* [PROBLEM STATEMENT]: Go through the data below and return each line where the string "move" appears.

* [TASK INPUTS]:
(* Let $(\Sigma,\mathsf{ar})$ be an at most countable binding signature with associated functors $F,F_\alpha$ and maps $a^{(n)}:F^n1\to F_\alpha^n1$. Then for every $n$, $a^{(n)}$ is surjective, has orbit-finite fibres, and is a safe map.
   Context: Nominal sets over a countably infinite set $\mathcal V$ of names; $[\mathcal V]X$ the name-abstraction with classes $\langle x\rangle u$. Binding signature: symbols $\mathsf{op}\in\Sigma$ with arities finite lists $(n_1,\dots,n_k)$. $F_\alpha X=\mathcal V+\coprod_{\mathsf{op}}\prod_i[\mathcal V]^{n_i}X$, $FX=\mathcal V+\coprod_{\mathsf{op}}\prod_i(\mathcal V^{n_i}\times X)$, $q_X:FX\to F_\alpha X$ identity on $\mathcal V$ and $(x^1,\dots,x^n,u)\mapsto\langle x^1\rangle\cdots\langle x^n\rangle u$ on each factor. $1=\{*\}$; $a^{(0)}=\mathrm{id}_1$, $a^{(n+1)}=q_{F_\alpha^n1}\circ F(a^{(n)})$. An orbit is an equivalence class of $u\sim\pi\cdot u$; a map has orbit-finite fibres if each fibre lies in finitely many orbits. $u$ is $f$-safe if $|\mathsf{supp}(u)|=\max\{|\mathsf{supp}(v)|:v\in f^{-1}(f(u))\}$; $f$ is safe if every element of the codomain has an $f$-safe preimage. *)

From mathcomp Require Import all_boot.
From Stdlib Require Import ClassicalEpsilon.

Set Implicit Arguments.
Unset Strict Implicit.
Unset Printing Implicit Defensive.

(* Names: the countably infinite set V is taken to be nat.                *)
Record perm := Perm {
  pf : nat -> nat;
  pinv : nat -> nat;
  pfK : cancel pf pinv;
  pinvK : cancel pinv pf;
  pfin : exists N, forall c, N <= c -> pf c = c }.

Definition swapf (a b : nat) (c : nat) : nat :=
  if c == a then b else if c == b then a else c.

Lemma swapfK a b : cancel (swapf a b) (swapf a b).
Proof.
move=> c; rewrite /swapf.
case: (eqVneq c a) => [->|ca].
  by rewrite eqxx; case: (eqVneq b a) => [->|ba]; rewrite ?eqxx // (negbTE ba) eqxx.
case: (eqVneq c b) => [->|cb].
  by rewrite eqxx.
by rewrite (negbTE ca) (negbTE cb).
Qed.

Lemma swapf_fin a b : exists N, forall c, N <= c -> swapf a b c = c.
Proof.
exists (maxn a b).+1 => c Hc; rewrite /swapf.
have ha : c != a.
  by apply/eqP=> E; move: Hc; rewrite E ltnNge leq_maxl.
have hb : c != b.
  by apply/eqP=> E; move: Hc; rewrite E ltnNge leq_maxr.
by rewrite (negbTE ha) (negbTE hb).
Qed.
Lemma approx_greatest_ge s t : qle R s t ->
  fle s (approx_core greatest_rep t) -> fle s (approx greatest_rep t).
Proof.
  intros Hst Hcore. rewrite approx_unfold.
  eapply qle_trans; [| apply (bigjoin_ge_base nil greatest_rep)].
  apply bigmeet_glb; [exact Hcore|].
  intros u Hu. apply cuts_above_spec in Hu as [Hu Htu].
  apply greatest_rep_above; [exact Hu | eapply qle_trans; eassumption].
Qed.

Lemma approx_least_below t s : derives R cut_terms t s -> fle (approx least_rep t) s.
Proof.
  intro Hder. pose proof (derives_sound Hder) as Hts. revert Hts.
  induction Hder as [x | a1 a2 b H1 IH1 H2 IH2 | a b1 b2 H IH | a b1 b2 H IH
    | a1 a2 b H IH | a1 a2 b H IH | a b1 b2 H1 IH1 H2 IH2 | a u b Hu Hau Hub]; intro Hts.
  - apply approx_least_le; [exact Hts | apply bigmeet_le_base].
  - apply approx_least_le; [exact Hts|]. eapply qle_trans; [apply bigmeet_le_base|].
    apply qle_join_lub; [apply IH1, (derives_sound H1) | apply IH2, (derives_sound H2)].
  - eapply qle_trans; [apply IH, (derives_sound H) | apply qle_join_l].
  - eapply qle_trans; [apply IH, (derives_sound H) | apply qle_join_r].
  - apply approx_least_le; [exact Hts|]. eapply qle_trans; [apply bigmeet_le_base|].
    eapply qle_trans; [apply qle_meet_l | apply IH, (derives_sound H)].
  - apply approx_least_le; [exact Hts|]. eapply qle_trans; [apply bigmeet_le_base|].
    eapply qle_trans; [apply qle_meet_r | apply IH, (derives_sound H)].
  - apply qle_meet_glb; [apply IH1, (derives_sound H1) | apply IH2, (derives_sound H2)].
  - apply approx_least_le; [exact Hts|].
    eapply qle_trans; [apply (bigmeet_le_mem nil least_rep), cuts_above_spec; eauto|].
    apply least_rep_below; assumption.
Qed.

Lemma approx_greatest_above s t : derives R cut_terms s t -> fle s (approx greatest_rep t).
Proof.
  intro Hder. pose proof (derives_sound Hder) as Hst. revert Hst.
  induction Hder as [x | a1 a2 b H1 IH1 H2 IH2 | a b1 b2 H IH | a b1 b2 H IH
    | a1 a2 b H IH | a1 a2 b H IH | a b1 b2 H1 IH1 H2 IH2 | a u b Hu Hau Hub]; intro Hst.
  - apply approx_greatest_ge; [exact Hst | apply qle_refl].
  - apply qle_join_lub; [apply IH1, (derives_sound H1) | apply IH2, (derives_sound H2)].
  - apply approx_greatest_ge; [exact Hst|].
    eapply qle_trans; [apply IH, (derives_sound H) | apply qle_join_l].
  - apply approx_greatest_ge; [exact Hst|].
    eapply qle_trans; [apply IH, (derives_sound H) | apply qle_join_r].
  - eapply qle_trans; [apply qle_meet_l | apply IH, (derives_sound H)].
  - eapply qle_trans; [apply qle_meet_r | apply IH, (derives_sound H)].
  - apply approx_greatest_ge; [exact Hst|].
    apply qle_meet_glb; [apply IH1, (derives_sound H1) | apply IH2, (derives_sound H2)].
  - rewrite approx_unfold. eapply qle_trans; [apply greatest_rep_above; eassumption|].
    apply (bigjoin_ge_mem nil greatest_rep), cuts_below_spec; auto.
Qed.

Definition generators : list (term X * term X) :=
  List.map (fun x => (Var x, Var x)) (enum X) ++
  List.map (fun u => (least_rep u, greatest_rep u)) cut_terms ++
  List.map (fun u => (greatest_rep u, least_rep u)) cut_terms.

Lemma generators_in_rho p : In p generators -> cg R p.1 p.2.
Proof.
  intro Hp. apply in_app_or in Hp as [Hp|Hp].
  - apply List.in_map_iff in Hp as [x [<- _]]. apply cg_refl.
  - apply in_app_or in Hp as [Hp|Hp]; apply List.in_map_iff in Hp as [u [<- Hu]];
      pose proof (proj1 (least_rep_spec Hu)); pose proof (proj1 (greatest_rep_spec Hu));
      simpl; eauto using cg.
Qed.

Definition in_sublattice (a b : term X) : Prop :=
  exists a' b', gen_sub generators (a', b') /\ feq a a' /\ feq b b'.

Lemma in_sublattice_generator a b : In (a, b) generators -> in_sublattice a b.
Proof. intro H. exists a, b. repeat split; [apply gs_base, H | apply cg_refl ..]. Qed.

Lemma in_sublattice_join a b c d :
  in_sublattice a b -> in_sublattice c d -> in_sublattice (Join a c) (Join b d).
Proof.
  intros [a' [b' [Hab [Ha Hb]]]] [c' [d' [Hcd [Hc Hd]]]].
  exists (Join a' c'), (Join b' d').
  repeat split; [exact (gs_join Hab Hcd) | apply cg_join ..]; assumption.
Qed.

Lemma in_sublattice_meet a b c d :
  in_sublattice a b -> in_sublattice c d -> in_sublattice (Meet a c) (Meet b d).
Proof.
  intros [a' [b' [Hab [Ha Hb]]]] [c' [d' [Hcd [Hc Hd]]]].
  exists (Meet a' c'), (Meet b' d').
  repeat split; [exact (gs_meet Hab Hcd) | apply cg_meet ..]; assumption.
Qed.

Lemma in_sublattice_diag t : in_sublattice t t.
Proof.
  induction t as [x | |]; [| apply in_sublattice_join | apply in_sublattice_meet]; auto.
  apply in_sublattice_generator, in_or_app. left.
  apply (List.in_map (fun x => (Var x, Var x))), In_enum.
Qed.

Lemma in_sublattice_feq a b a2 b2 :
  in_sublattice a b -> feq a a2 -> feq b b2 -> in_sublattice a2 b2.
Proof.
  intros [a' [b' [Hgen [Ha Hb]]]] Ha2 Hb2. exists a', b'.
  repeat split; [exact Hgen | apply cg_trans with a | apply cg_trans with b]; auto.
Qed.

Lemma in_sublattice_bigjoin (r1 r2 : term X -> term X) c1 c2 l :
  (forall u, In u l -> in_sublattice (r1 u) (r2 u)) -> in_sublattice c1 c2 ->
  in_sublattice (bigjoin r1 c1 l) (bigjoin r2 c2 l).
Proof.
  induction l as [|u l IH]; intros Hl Hc; [exact Hc|].
  exact (in_sublattice_join (Hl u (or_introl erefl)) (IH (fun v Hv => Hl v (or_intror Hv)) Hc)).
Qed.

Lemma in_sublattice_bigmeet (r1 r2 : term X -> term X) c1 c2 l :
  (forall u, In u l -> in_sublattice (r1 u) (r2 u)) -> in_sublattice c1 c2 ->
  in_sublattice (bigmeet r1 c1 l) (bigmeet r2 c2 l).
Proof.
  induction l as [|u l IH]; intros Hl Hc; [exact Hc|].
  exact (in_sublattice_meet (Hl u (or_introl erefl)) (IH (fun v Hv => Hl v (or_intror Hv)) Hc)).
Qed.

Lemma in_sublattice_approx r1 r2 :
  (forall u, In u cut_terms -> in_sublattice (r1 u) (r2 u)) ->
  forall t, in_sublattice (approx r1 t) (approx r2 t).
Proof.
  intros Hr t. induction t; rewrite !approx_unfold;
    (apply in_sublattice_bigjoin; [intros u Hu; apply Hr; apply cuts_below_spec in Hu; tauto|]);
    (apply in_sublattice_bigmeet; [intros u Hu; apply Hr; apply cuts_above_spec in Hu; tauto|]);
    simpl.
  - apply in_sublattice_diag.
  - apply in_sublattice_join; assumption.
  - apply in_sublattice_meet; assumption.
Qed.

(** With P = approx least_rep a <= a, b <= Q = approx greatest_rep a, the pair (a, b) equals
    ((a /\ Q) \/ (b /\ P), (a /\ P) \/ (b /\ Q)), a sublattice combination of (a, a),
    (b, b), (P, Q) and (Q, P). *)
Theorem fin_gen_of_bounded_cuts : cong_fin_gen R.
Proof.
  exists generators. split; [exact generators_in_rho|].
  intros a b Hab.
  set (P := approx least_rep a). set (Q := approx greatest_rep a).
  assert (derives_ab : derives R cut_terms a b /\ derives R cut_terms b a)
    by exact (derives_of_cg cut_terms_cover_R Hab).
  assert (P_le_a : fle P a) by exact (approx_least_below (derives_refl _ _ a)).
  assert (P_le_b : fle P b) by exact (approx_least_below (proj1 derives_ab)).
  assert (a_le_Q : fle a Q) by exact (approx_greatest_above (derives_refl _ _ a)).
  assert (b_le_Q : fle b Q) by exact (approx_greatest_above (proj2 derives_ab)).
  assert (PQ : in_sublattice P Q /\ in_sublattice Q P).
  { split; apply in_sublattice_approx; intros u Hu; apply in_sublattice_generator;
      apply in_or_app; right; apply in_or_app; [left | right];
      exact (List.in_map (fun u => (_, _)) cut_terms u Hu). }
  apply in_sublattice_feq with (Join (Meet a Q) (Meet b P)) (Join (Meet a P) (Meet b Q)).
  - destruct PQ as [PQ QP].
    apply in_sublattice_join; apply in_sublattice_meet;
      first [apply in_sublattice_diag | assumption].
  - apply join_meet_sandwich; assumption.
  - eapply cg_trans; [apply cg_join_comm | apply join_meet_sandwich; assumption].
Qed.

End Generators.

Lemma cut_term_shape (X : finType) (R : list (term X * term X)) u :
  In u (cut_terms R) ->
  (exists x : X, u = Var x) \/ (exists p, In p R /\ (subterm u p.1 \/ subterm u p.2)).
Proof.
  intro Hu. apply in_app_or in Hu as [Hu|Hu]; apply List.in_map_iff in Hu as [z [<- Hz]].
  - left. exists z. reflexivity.
  - right. exists z. split; [exact Hz | left; apply st_refl].
Qed.
(* Let $\kappa\ge 1$ and $\tau\ge 0$ be integers such that $\chi(J)\le\tau$ for every digraph $J$ with $\omega(J)<\kappa$ having no disoriented long hole. Let $G$ be a digraph with $\omega(G)\le\kappa$ having no disoriented long hole. Then for every vertex $z$ of $G$ and every integer $r\ge1$, $\chi(N^r(z))\le 3\tau\,\chi(N^{r-1}(z))$. Consequently $\chi(N^r(z))\le\tau(3\tau)^{r-1}$ for all $r\ge 1$, and $\chi(N^s(z))\le(3\tau)^{s-r}\chi(N^r(z))$ for all $s\ge r\ge 1$.
   Context: Digraphs are finite, with no loops, parallel edges or antiparallel pairs; $G^*$ denotes the underlying undirected graph and $\chi,\omega$ refer to $G^*$; for $X\subseteq V(G)$, $\chi(X)=\chi(G[X])$. $N^r(z)$ is the set of vertices at distance exactly $r$ from $z$ in $G^*$. A hole of a digraph $G$ is an induced subdigraph $C$ such that $C^*$ is an induced cycle of $G^*$ of length at least four; it is long if its length is at least five. A hole $C$ is directed if every vertex has outdegree exactly one in $C$; alternating if every vertex has outdegree two or zero in $C$; and disoriented if it is neither directed nor alternating. *)

From mathcomp Require Import all_boot.
Set Implicit Arguments. Unset Strict Implicit. Unset Printing Implicit Defensive.

Section Digraphs.
Variable T : finType.
(* [a u v] means there is an arc u -> v. *)
Variable a : rel T.

(* A digraph: no loops, no antiparallel pairs (parallel arcs are excluded
   automatically since arcs form a relation). *)
Definition digraph : Prop :=
  (forall u, ~~ a u u) /\ (forall u v, a u v -> ~~ a v u).

Definition uadj (u v : T) : bool := a u v || a v u.

Definition cliqueb (K : {set T}) : bool :=
  [forall x in K, forall y in K, (x != y) ==> uadj x y].

Definition omega : nat := \max_(K : {set T} | cliqueb K) #|K|.

Definition colorableb (X : {set T}) (k : nat) : bool :=
  [exists f : {ffun T -> 'I_#|T|.+1},
     [forall x in X, f x < k] &&
     [forall x in X, forall y in X, uadj x y ==> (f x != f y)]].

(* chromatic number chi(X) = chi(G^*[X]) : least k such that G^*[X] is
   k-colourable (for a loopless relation #|T| colours always suffice, so the
   default #|T| is never reached spuriously). *)
Definition chi (X : {set T}) : nat :=
  \big[minn/#|T|]_(k < #|T|.+1 | colorableb X k) k.

Definition hole (n : nat) (f : 'I_n -> T) : Prop :=
  [/\ 4 <= n, injective f &
      forall i j : 'I_n,
        uadj (f i) (f j) = (j == i.+1 %% n :> nat) || (i == j.+1 %% n :> nat)].

Definition hole_outdeg (n : nat) (f : 'I_n -> T) (i : 'I_n) : nat :=
  #|[set j : 'I_n | a (f i) (f j)]|.

Definition directed_hole (n : nat) (f : 'I_n -> T) : Prop :=
  forall i, hole_outdeg f i = 1.

Definition alternating_hole (n : nat) (f : 'I_n -> T) : Prop :=
  forall i, hole_outdeg f i = 2 \/ hole_outdeg f i = 0.

Definition disoriented_hole (n : nat) (f : 'I_n -> T) : Prop :=
  ~ directed_hole f /\ ~ alternating_hole f.

Definition no_disoriented_long_hole : Prop :=
  forall (n : nat) (f : 'I_n -> T),
    hole f -> 5 <= n -> ~ disoriented_hole f.

Fixpoint within (z : T) (k : nat) : {set T} :=
  match k with
  | 0 => [set z]
  | k'.+1 => within z k' :|: [set v | [exists u in within z k', uadj u v]]
  end.
(* Let $G$ be a finite, simple, connected graph with $m$ edges and let $k \geq 2$ be an integer. Then $$\chi_{dd}(P_{k+1}) \leq \chi_{dd}(S_k(G)) \leq (m-1)\chi_{dd}(P_k) + \chi_{dd}(P_{k+1}),$$ where $S_k(G)$ is the $k$-subdivision of $G$, i.e. the graph obtained from $G$ by replacing each edge $uv$ with a path of length $k$ (with $k-1$ new internal vertices) joining $u$ and $v$, and $P_n$ denotes the path on $n$ vertices.
   Context: All graphs are finite, undirected and simple. For a vertex $w$, $N(w)$ is its open neighborhood and $N[w]=N(w)\cup\{w\}$ its closed neighborhood. A vertex $w$ dominates a set $S$ of vertices if $S \subseteq N[w]$. A domination coloring of a graph $H$ is a proper vertex coloring of $H$ (adjacent vertices receive different colors; a color class is the set of all vertices receiving a given color) such that every vertex of $H$ dominates at least one color class (possibly its own class), and every color class is dominated by at least one vertex of $H$. The domination chromatic number $\chi_{dd}(H)$ is the minimum number of color classes in a domination coloring of $H$. *)

From mathcomp Require Import all_boot.
Set Implicit Arguments. Unset Strict Implicit. Unset Printing Implicit Defensive.

(* A finite simple graph is a symmetric irreflexive relation e on a finType T. *)

Section DomColoring.
Variables (T : finType) (e : rel T).

Definition dominates_class n (c : {ffun T -> 'I_n}) (w : T) (i : 'I_n) : bool :=
  [forall x, (c x == i) ==> ((x == w) || e w x)].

* [EXERCISE RESULT]:
move=> c; rewrite /swapf.
  by apply/eqP=> E; move: Hc; rewrite E ltnNge leq_maxl.
  by apply/eqP=> E; move: Hc; rewrite E ltnNge leq_maxr.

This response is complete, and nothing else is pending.